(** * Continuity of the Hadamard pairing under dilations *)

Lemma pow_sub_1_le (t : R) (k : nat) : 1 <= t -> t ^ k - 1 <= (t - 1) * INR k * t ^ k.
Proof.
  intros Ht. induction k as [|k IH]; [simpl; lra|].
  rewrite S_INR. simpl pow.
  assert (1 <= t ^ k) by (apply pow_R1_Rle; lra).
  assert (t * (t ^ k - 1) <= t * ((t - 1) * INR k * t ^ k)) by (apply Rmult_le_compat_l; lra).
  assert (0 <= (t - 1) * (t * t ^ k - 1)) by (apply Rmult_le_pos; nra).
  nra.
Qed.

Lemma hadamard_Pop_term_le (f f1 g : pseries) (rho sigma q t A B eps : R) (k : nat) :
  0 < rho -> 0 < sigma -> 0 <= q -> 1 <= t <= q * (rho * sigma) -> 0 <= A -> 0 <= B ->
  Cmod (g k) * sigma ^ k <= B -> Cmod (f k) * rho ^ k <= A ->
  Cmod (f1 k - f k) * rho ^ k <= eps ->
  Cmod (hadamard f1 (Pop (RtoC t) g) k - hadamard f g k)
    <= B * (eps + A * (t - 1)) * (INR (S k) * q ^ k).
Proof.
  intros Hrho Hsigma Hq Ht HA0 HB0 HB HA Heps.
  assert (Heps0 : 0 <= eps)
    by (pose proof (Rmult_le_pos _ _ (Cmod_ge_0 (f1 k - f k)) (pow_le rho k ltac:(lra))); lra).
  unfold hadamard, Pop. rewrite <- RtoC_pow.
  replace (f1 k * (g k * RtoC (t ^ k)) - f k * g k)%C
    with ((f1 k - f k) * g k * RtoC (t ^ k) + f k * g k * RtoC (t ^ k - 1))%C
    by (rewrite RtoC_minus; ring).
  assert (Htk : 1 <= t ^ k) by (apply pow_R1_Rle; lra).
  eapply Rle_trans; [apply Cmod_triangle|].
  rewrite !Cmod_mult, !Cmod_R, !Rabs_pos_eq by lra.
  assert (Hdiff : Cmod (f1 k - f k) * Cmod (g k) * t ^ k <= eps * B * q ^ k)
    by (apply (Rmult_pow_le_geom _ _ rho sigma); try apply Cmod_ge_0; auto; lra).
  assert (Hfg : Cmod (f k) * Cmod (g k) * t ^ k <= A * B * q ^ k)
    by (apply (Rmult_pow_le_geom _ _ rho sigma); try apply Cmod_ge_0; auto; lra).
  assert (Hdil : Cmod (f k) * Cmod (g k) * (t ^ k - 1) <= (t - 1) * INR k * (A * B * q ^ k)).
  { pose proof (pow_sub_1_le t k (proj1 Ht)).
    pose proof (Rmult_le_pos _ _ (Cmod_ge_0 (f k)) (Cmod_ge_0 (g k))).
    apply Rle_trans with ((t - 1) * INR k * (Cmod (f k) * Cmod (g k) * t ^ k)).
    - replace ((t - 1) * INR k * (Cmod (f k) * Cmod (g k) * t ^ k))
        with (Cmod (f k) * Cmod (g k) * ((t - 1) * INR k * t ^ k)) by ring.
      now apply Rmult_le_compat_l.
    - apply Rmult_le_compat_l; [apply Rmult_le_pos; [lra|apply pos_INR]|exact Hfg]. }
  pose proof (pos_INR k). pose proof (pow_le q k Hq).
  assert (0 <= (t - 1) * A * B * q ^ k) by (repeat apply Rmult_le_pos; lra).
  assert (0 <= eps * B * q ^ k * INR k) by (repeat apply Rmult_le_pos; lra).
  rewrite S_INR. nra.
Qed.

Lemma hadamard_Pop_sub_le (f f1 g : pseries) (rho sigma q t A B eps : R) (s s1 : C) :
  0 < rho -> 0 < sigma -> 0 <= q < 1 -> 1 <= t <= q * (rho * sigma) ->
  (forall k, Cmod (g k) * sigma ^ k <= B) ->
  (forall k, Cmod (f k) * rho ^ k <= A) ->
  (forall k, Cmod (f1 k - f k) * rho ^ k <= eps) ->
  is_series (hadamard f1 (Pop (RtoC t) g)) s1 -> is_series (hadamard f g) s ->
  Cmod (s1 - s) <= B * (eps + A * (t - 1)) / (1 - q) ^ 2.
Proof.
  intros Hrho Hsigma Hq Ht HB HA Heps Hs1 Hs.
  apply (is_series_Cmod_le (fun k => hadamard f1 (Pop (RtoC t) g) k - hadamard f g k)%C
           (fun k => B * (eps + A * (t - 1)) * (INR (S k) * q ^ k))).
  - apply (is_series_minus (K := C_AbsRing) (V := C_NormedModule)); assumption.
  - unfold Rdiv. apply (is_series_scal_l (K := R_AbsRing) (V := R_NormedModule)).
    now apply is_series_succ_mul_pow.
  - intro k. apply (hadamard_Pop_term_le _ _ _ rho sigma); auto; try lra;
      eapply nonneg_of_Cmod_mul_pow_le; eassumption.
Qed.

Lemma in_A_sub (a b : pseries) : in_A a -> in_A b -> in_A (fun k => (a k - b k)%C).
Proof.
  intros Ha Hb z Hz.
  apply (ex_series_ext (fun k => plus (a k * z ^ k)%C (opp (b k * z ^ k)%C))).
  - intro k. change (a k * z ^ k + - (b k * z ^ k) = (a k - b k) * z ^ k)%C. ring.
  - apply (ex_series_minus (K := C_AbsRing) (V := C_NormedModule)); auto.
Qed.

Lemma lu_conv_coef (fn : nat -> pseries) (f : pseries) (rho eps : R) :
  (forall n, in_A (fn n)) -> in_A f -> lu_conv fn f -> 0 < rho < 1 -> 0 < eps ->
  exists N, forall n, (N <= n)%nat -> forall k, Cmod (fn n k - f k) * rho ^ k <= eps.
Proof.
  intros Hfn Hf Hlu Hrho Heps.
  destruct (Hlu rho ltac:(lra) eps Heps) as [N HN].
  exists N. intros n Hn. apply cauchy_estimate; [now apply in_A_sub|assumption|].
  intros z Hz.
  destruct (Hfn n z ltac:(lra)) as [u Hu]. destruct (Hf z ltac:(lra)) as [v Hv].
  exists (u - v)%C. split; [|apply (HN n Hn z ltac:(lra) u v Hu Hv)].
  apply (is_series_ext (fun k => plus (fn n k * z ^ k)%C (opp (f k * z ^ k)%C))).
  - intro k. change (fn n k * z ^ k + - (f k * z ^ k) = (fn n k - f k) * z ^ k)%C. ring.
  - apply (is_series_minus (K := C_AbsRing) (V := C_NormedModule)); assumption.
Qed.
--
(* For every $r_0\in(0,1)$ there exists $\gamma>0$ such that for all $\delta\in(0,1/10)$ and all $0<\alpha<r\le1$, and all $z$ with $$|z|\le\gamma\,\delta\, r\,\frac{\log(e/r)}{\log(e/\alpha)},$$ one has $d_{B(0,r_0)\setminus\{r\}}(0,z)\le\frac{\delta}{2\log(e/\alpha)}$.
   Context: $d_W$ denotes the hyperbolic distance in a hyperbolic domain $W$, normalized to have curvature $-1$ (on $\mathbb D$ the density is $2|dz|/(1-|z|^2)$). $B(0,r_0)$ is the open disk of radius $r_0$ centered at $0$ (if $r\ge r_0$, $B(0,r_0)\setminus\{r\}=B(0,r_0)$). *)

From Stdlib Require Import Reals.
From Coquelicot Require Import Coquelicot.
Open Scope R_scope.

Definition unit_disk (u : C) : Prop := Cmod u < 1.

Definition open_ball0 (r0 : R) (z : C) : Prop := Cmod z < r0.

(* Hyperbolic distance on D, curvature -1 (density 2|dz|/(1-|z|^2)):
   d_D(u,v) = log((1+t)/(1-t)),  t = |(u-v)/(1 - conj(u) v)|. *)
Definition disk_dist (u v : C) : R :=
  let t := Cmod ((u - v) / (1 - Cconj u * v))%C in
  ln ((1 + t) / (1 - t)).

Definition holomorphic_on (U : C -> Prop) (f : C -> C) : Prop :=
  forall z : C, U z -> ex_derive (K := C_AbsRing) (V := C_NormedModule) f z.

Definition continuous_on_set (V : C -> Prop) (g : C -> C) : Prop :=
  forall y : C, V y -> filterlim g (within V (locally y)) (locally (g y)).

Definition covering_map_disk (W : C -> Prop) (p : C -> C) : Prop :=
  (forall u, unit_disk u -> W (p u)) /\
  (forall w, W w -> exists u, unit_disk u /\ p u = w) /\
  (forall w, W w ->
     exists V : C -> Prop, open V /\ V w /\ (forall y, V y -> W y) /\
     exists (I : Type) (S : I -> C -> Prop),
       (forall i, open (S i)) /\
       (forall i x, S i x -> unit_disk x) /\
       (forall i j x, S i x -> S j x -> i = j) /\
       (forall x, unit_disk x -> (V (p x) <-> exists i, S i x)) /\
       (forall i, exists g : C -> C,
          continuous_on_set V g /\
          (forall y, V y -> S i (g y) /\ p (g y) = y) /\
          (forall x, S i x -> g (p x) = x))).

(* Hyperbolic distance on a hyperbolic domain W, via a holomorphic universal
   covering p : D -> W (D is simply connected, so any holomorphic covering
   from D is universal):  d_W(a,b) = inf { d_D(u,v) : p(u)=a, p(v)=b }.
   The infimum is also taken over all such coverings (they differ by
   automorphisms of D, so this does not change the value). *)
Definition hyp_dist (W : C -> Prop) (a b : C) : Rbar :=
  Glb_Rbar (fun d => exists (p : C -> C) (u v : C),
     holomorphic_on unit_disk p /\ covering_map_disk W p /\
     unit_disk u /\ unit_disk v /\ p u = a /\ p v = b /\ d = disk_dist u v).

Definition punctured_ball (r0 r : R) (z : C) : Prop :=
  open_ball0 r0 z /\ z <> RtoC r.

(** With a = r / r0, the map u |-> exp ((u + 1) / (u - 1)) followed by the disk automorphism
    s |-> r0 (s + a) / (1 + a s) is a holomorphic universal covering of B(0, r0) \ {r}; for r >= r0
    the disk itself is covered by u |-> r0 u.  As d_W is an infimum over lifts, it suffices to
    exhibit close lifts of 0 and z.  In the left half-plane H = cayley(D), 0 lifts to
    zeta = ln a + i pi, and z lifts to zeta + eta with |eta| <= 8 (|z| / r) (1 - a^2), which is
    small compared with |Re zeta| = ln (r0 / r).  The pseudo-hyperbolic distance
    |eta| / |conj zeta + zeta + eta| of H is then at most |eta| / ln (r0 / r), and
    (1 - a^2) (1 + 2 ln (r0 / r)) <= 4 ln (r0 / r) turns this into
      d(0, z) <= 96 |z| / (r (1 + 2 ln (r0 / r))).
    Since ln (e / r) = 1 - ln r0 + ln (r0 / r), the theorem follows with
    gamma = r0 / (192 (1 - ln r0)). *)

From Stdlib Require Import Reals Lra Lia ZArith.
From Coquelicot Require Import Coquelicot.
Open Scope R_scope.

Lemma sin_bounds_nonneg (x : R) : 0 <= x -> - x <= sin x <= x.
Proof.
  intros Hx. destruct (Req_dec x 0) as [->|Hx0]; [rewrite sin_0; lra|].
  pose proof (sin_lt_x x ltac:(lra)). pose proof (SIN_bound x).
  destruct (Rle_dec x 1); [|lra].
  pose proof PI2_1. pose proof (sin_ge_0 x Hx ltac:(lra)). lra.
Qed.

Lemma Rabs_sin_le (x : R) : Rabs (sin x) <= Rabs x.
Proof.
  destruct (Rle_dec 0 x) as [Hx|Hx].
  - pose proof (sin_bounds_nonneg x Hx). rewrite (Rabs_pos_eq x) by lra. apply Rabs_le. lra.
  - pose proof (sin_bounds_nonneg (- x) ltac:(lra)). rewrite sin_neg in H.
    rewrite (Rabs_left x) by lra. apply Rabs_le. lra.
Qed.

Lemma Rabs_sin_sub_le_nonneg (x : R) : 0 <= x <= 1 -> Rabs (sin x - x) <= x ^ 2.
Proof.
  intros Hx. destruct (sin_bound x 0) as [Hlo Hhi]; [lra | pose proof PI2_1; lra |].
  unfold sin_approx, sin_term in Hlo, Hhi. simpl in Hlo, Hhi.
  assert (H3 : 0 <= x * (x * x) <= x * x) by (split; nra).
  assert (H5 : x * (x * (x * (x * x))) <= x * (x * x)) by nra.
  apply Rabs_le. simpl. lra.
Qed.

## [What you will do]
Could you return exactly the stretch of the data above that starts at the line with "(** * Continuity" and ends at the line with "by (rewrite RtoC_minus; ring).", both lines included?

## [Result for this exercise]
(** * Continuity of the Hadamard pairing under dilations *)

Lemma pow_sub_1_le (t : R) (k : nat) : 1 <= t -> t ^ k - 1 <= (t - 1) * INR k * t ^ k.
Proof.
  intros Ht. induction k as [|k IH]; [simpl; lra|].
  rewrite S_INR. simpl pow.
  assert (1 <= t ^ k) by (apply pow_R1_Rle; lra).
  assert (t * (t ^ k - 1) <= t * ((t - 1) * INR k * t ^ k)) by (apply Rmult_le_compat_l; lra).
  assert (0 <= (t - 1) * (t * t ^ k - 1)) by (apply Rmult_le_pos; nra).
  nra.
Qed.

Lemma hadamard_Pop_term_le (f f1 g : pseries) (rho sigma q t A B eps : R) (k : nat) :
  0 < rho -> 0 < sigma -> 0 <= q -> 1 <= t <= q * (rho * sigma) -> 0 <= A -> 0 <= B ->
  Cmod (g k) * sigma ^ k <= B -> Cmod (f k) * rho ^ k <= A ->
  Cmod (f1 k - f k) * rho ^ k <= eps ->
  Cmod (hadamard f1 (Pop (RtoC t) g) k - hadamard f g k)
    <= B * (eps + A * (t - 1)) * (INR (S k) * q ^ k).
Proof.
  intros Hrho Hsigma Hq Ht HA0 HB0 HB HA Heps.
  assert (Heps0 : 0 <= eps)
    by (pose proof (Rmult_le_pos _ _ (Cmod_ge_0 (f1 k - f k)) (pow_le rho k ltac:(lra))); lra).
  unfold hadamard, Pop. rewrite <- RtoC_pow.
  replace (f1 k * (g k * RtoC (t ^ k)) - f k * g k)%C
    with ((f1 k - f k) * g k * RtoC (t ^ k) + f k * g k * RtoC (t ^ k - 1))%C
    by (rewrite RtoC_minus; ring).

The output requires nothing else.